The second component of Strickland, the prejudice component, requires a defendant to "show that there is a reasonable probability that, but for counsel's unprofessional errors, the result of the proceeding would have been different. A reasonable probability is a probability sufficient to undermine confidence in the outcome." Strickland, 466 U.S. at 694. In the context of a guilty plea, the Supreme Court modified the second prong of Strickland to require a showing that "there is a reasonable probability that, but for counsel's errors, [petitioner] would not have pleaded guilty and would have insisted on going to trial." Hill v. Lockhart, 474 U.S. 52, 59 (1985).
Curtis's assertion that he would not have pled guilty if he had received better assistance from counsel is not dispositive of the issue of prejudice. See United States v. Mora-Gomez, 875 F.Supp. 1208, 1214 (E.D. Va. 1995). Rather, "[t]his is an objective inquiry and [highly] dependent on the likely outcome of a trial had the defendant not pleaded guilty." Meyer v. Branker, 506 F.3d 358, 369 (4th Cir. 2007) (internal citation omitted) (citing Hill, 474 U.S. at 59-60). The Court looks to all the facts and circumstances surrounding a petitioner's plea, including the likelihood of conviction and any potential sentencing benefit to pleading guilty. Id. at 369-70. In conducting this inquiry, the representations of the defendant, his lawyer, and the prosecutor during the plea proceedings, "as well as any findings made by the judge accepting the plea, constitute a formidable barrier in any subsequent collateral proceedings." Blackledge v. Allison, 431 U.S. 63, 73-74 (1977).

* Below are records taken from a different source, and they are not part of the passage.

(* Let $K\ge1$, $N$ and $s$ be integers with $0\le s<N-2$, let $X_0,\dots,X_{K-1}\in\mathbb{R}$, let $f:\mathbb{R}\to\mathbb{R}$, let $\alpha_i=\cos\frac{(2i+1)\pi}{2K}$ for $i=0,\dots,K-1$, define $$u(z)=\sum_{i=0}^{K-1}\frac{(-1)^i/(z-\alpha_i)}{\sum_{j=0}^{K-1}(-1)^j/(z-\alpha_j)}X_i$$ (extended continuously by $u(\alpha_i)=X_i$), and let $g(z)=f(u(z))$, assumed to have a continuous second derivative on $[-1,1]$. Let $\mathcal{F}\subset\{0,\dots,N\}$ with $|\mathcal F|=N+1-s$, let $n=N-s$, let $z_0>\dots>z_n$ be the points $\{\cos\frac{j\pi}{N}:j\in\mathcal F\}$, and let $$r_{\mathcal F}(z)=\sum_{i=0}^{n}\frac{(-1)^i/(z-z_i)}{\sum_{j=0}^n(-1)^j/(z-z_j)}\,g(z_i).$$ Set $R=\frac{(s+1)(s+3)\pi^2}{4}$ and $\|h\|=\max_{z\in[-1,1]}|h(z)|$. Then $$\|r_{\mathcal F}-g\|\le 2(1+R)\sin\Big(\frac{(s+1)\pi}{2N}\Big)\|g''\|$$ if $N-s$ is odd, and $$\|r_{\mathcal F}-g\|\le 2(1+R)\sin\Big(\frac{(s+1)\pi}{2N}\Big)\big(\|g''\|+\|g'\|\big)$$ if $N-s$ is even.
   Context: $\|h\|$ denotes the maximum norm of a function over $[-1,1]$. The interpolation points $z_j$ are a subset, of size $N+1-s$, of the Chebyshev points of the second kind $\cos\frac{k\pi}{N}$, $k=0,\dots,N$ (the $s$ missing points correspond to straggling workers). *)

From Stdlib Require Import Reals Lra Lia.
From Coquelicot Require Import Coquelicot.
Open Scope R_scope.

Fixpoint node_index (x : nat -> R) (m : nat) (z : R) : option nat :=
  match m with
  | O => if Req_EM_T z (x O) then Some O else None
  | S m' => match node_index x m' z with
            | Some k => Some k
            | None => if Req_EM_T z (x m) then Some m else None
            end
  end.

(* Barycentric rational interpolant with weights (-1)^i at nodes x 0..x n
   and values v 0..v n, extended (by continuity) to the nodes by v k. *)
Definition bary (x : nat -> R) (n : nat) (v : nat -> R) (z : R) : R :=
  match node_index x n z with
  | Some k => v k
  | None =>
      sum_f_R0 (fun i =>
        ((-1) ^ i / (z - x i)) / (sum_f_R0 (fun j => (-1) ^ j / (z - x j)) n)
        * v i) n
  end.

Definition alpha (K : nat) (i : nat) : R :=
  cos ((2 * INR i + 1) * PI / (2 * INR K)).

Definition u_enc (K : nat) (X : nat -> R) : R -> R :=
  bary (alpha K) (K - 1) X.

Definition is_derive_I (h : R -> R) (x l : R) : Prop :=
  filterlim (fun y => (h y - h x) / (y - x))
    (within (fun y => -1 <= y <= 1 /\ y <> x) (locally x)) (locally l).

Definition continuous_I (h : R -> R) (x : R) : Prop :=
  filterlim h (within (fun y => -1 <= y <= 1) (locally x)) (locally (h x)).

Definition supnorm (h : R -> R) : R :=
  real (Lub_Rbar (fun y => exists z, -1 <= z <= 1 /\ y = Rabs (h z))).

From Stdlib Require Import Reals Lra Lia.
From Coquelicot Require Import Coquelicot.
Open Scope R_scope.

(* Away from the nodes z_i, writing D(z) = sum_i (-1)^i / (z - z_i), one has
     r(z) - g(z) = - ( sum_i (-1)^i psi(z_i) + g'(z) sum_i (-1)^i ) / D(z),
   where psi(t) = (g t - g z)/(t - z) - g'(z) is the secant defect.  The proof
   bounds numerator and denominator separately:
   - calculus on [-1,1] (a comparison principle from the mean value theorem)
     gives Taylor's estimate, hence |psi(t)| <= ||g''||/2 |t - z| and psi is
     ||g''||/2-Lipschitz; pairing consecutive terms of the alternating sum
     bounds the numerator by ||g''|| (n odd) or 2||g''|| + ||g'|| (n even);
   - for any decreasing nodes, |D(z)| is at least the dominant pair of terms
     of the nodes nearest to z; for the Chebyshev subset, trigonometric
     estimates on cos(j pi/N) turn this into |D(z)| >= 1 / ((1 + R) S) with
     S = sin((s + 1) pi / (2N)). *)

(* Calculus on [-1,1]. *)

Lemma is_derive_I_eps (h : R -> R) x l :
  is_derive_I h x l <->
  (forall eps, 0 < eps -> exists d, 0 < d /\ forall y, -1 <= y <= 1 -> y <> x ->
     Rabs (y - x) < d -> Rabs ((h y - h x) / (y - x) - l) < eps).
Proof.
  unfold is_derive_I; rewrite filterlim_locally; split.
  - intros H eps Heps; destruct (H (mkposreal eps Heps)) as [d Hd].
    exists d; split; [apply cond_pos |]; intros y Hy Hyx Hd'.
    exact (Hd y Hd' (conj Hy Hyx)).
  - intros H eps; destruct (H eps (cond_pos eps)) as [d [Hd Hd']].
    exists (mkposreal d Hd); intros y Hb [Hy Hyx]; apply Hd'; auto.
Qed.

Lemma continuous_I_eps (h : R -> R) x :
  continuous_I h x <->
  (forall eps, 0 < eps -> exists d, 0 < d /\ forall y, -1 <= y <= 1 ->
     Rabs (y - x) < d -> Rabs (h y - h x) < eps).
Proof.
  unfold continuous_I; rewrite filterlim_locally; split.
  - intros H eps Heps; destruct (H (mkposreal eps Heps)) as [d Hd].
    exists d; split; [apply cond_pos |]; intros y Hy Hd'; exact (Hd y Hd' Hy).
  - intros H eps; destruct (H eps (cond_pos eps)) as [d [Hd Hd']].
    exists (mkposreal d Hd); intros y Hb Hy; apply Hd'; auto.
Qed.

Lemma is_derive_I_plus_scal (p h : R -> R) x m l e :
  is_derive_I p x m -> is_derive_I h x l ->
  is_derive_I (fun t => p t + e * h t) x (m + e * l).
Proof.
  intros Hp Hh; unfold is_derive_I.
  apply (filterlim_ext_loc (fun y => (p y - p x) / (y - x) + e * ((h y - h x) / (y - x)))).
  - exists (mkposreal 1 Rlt_0_1); intros y _ [_ Hyx].
    field; lra.
  - eapply filterlim_comp_2; [exact Hp | | apply (@filterlim_plus R_AbsRing R_NormedModule)].
    eapply filterlim_comp; [exact Hh | apply (@filterlim_scal_r R_AbsRing R_NormedModule)].
Qed.

Lemma is_derive_I_of_is_derive (h : R -> R) x l : is_derive h x l -> is_derive_I h x l.
Proof.
  intros Hd; apply is_derive_Reals in Hd; apply is_derive_I_eps; intros eps Heps.
  destruct (Hd eps Heps) as [d Hd']; exists d; split; [apply cond_pos |].
  intros y _ Hyx Hy; specialize (Hd' (y - x) ltac:(lra) Hy).
  replace (x + (y - x)) with y in Hd' by ring; exact Hd'.
Qed.

Lemma is_derive_I_continuous (h : R -> R) x l : is_derive_I h x l -> continuous_I h x.
Proof.
  rewrite is_derive_I_eps, continuous_I_eps; intros H eps Heps.
  destruct (H 1 Rlt_0_1) as [d [Hd Hq]].
  assert (Hl : 0 < Rabs l + 1) by (pose proof (Rabs_pos l); lra).
  exists (Rmin d (eps / (Rabs l + 1))); split.
  { apply Rmin_pos; [lra | apply Rdiv_lt_0_compat; lra]. }
  intros y Hy Hyd; pose proof (Rmin_l d (eps / (Rabs l + 1))); pose proof (Rmin_r d (eps / (Rabs l + 1))).
  destruct (Req_dec y x) as [-> | Hne].
  { rewrite Rminus_diag, Rabs_R0; lra. }
  specialize (Hq y Hy Hne ltac:(lra)).
  (* the difference quotient stays below |l| + 1, so h y - h x = O(y - x) *)
  assert (Hquot : Rabs ((h y - h x) / (y - x)) <= Rabs l + 1).
  { replace ((h y - h x) / (y - x)) with (((h y - h x) / (y - x) - l) + l) by ring.
    pose proof (Rabs_triang ((h y - h x) / (y - x) - l) l); lra. }
  replace (h y - h x) with ((h y - h x) / (y - x) * (y - x)) by (field; lra).
  rewrite Rabs_mult.
  apply Rle_lt_trans with ((Rabs l + 1) * Rabs (y - x)).
  { apply Rmult_le_compat_r; [apply Rabs_pos | exact Hquot]. }
  apply (Rmult_lt_reg_r (/ (Rabs l + 1))); [apply Rinv_0_lt_compat; lra |].
  replace ((Rabs l + 1) * Rabs (y - x) * / (Rabs l + 1)) with (Rabs (y - x)) by (field; lra).
  unfold Rdiv in Hyd; lra.
Qed.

In his claims, Curtis suggests that he would not have pled guilty to all of the charges if he had received better assistance from counsel regarding the rape charge and the forcible sodomy charge that required the prosecution to prove that the rape or sodomy had occurred against the will of the victim. Given the incontrovertible evidence of Curtis's guilt with respect to most of the charges and the certainty of a mandatory life sentence in the absence of Curtis's plea of guilty, Curtis simply cannot show any prejudice flowing from the deficiency of counsel. See Meyer, 506 F.3d at 370 ("[S]ometimes it is the nature of the evidence, rather than the acts of the lawyer, that `prejudice' the defendant."). For example, Curtis had no defense to the charge that he had raped K.Y. in that he had sexual intercourse with her when she was under the age of 13. K.Y.'s testimony concerning that charge would have been corroborated by K.Y.'s accurate description of Curtis's genitalia, by the letter Curtis sent to his wife, by his recorded telephone conversation to his wife from the RRJ, and by Mr. Strainer's testimony that Curtis had admitted to having sex with K.Y.
In exchange for Curtis's plea of guilty, the prosecution agreed to forego the mandatory term of life imprisonment provided by section 18.2-67.5:3 of the Virginia Code. Thus, a guilty plea offered Curtis's only chance to avoid a mandatory life sentence. "Faced with virtually no chance to succeed [in avoiding a conviction for rape] at trial," Curtis cannot demonstrate "that an objective defendant would have insisted on going to trial" to contest that a few of the sexual acts were committed with K.Y.'s consent,
An appropriate Order shall accompany this Memorandum Opinion.
Va. Code Ann. § 18.2-67.5:3(A) (West 2004).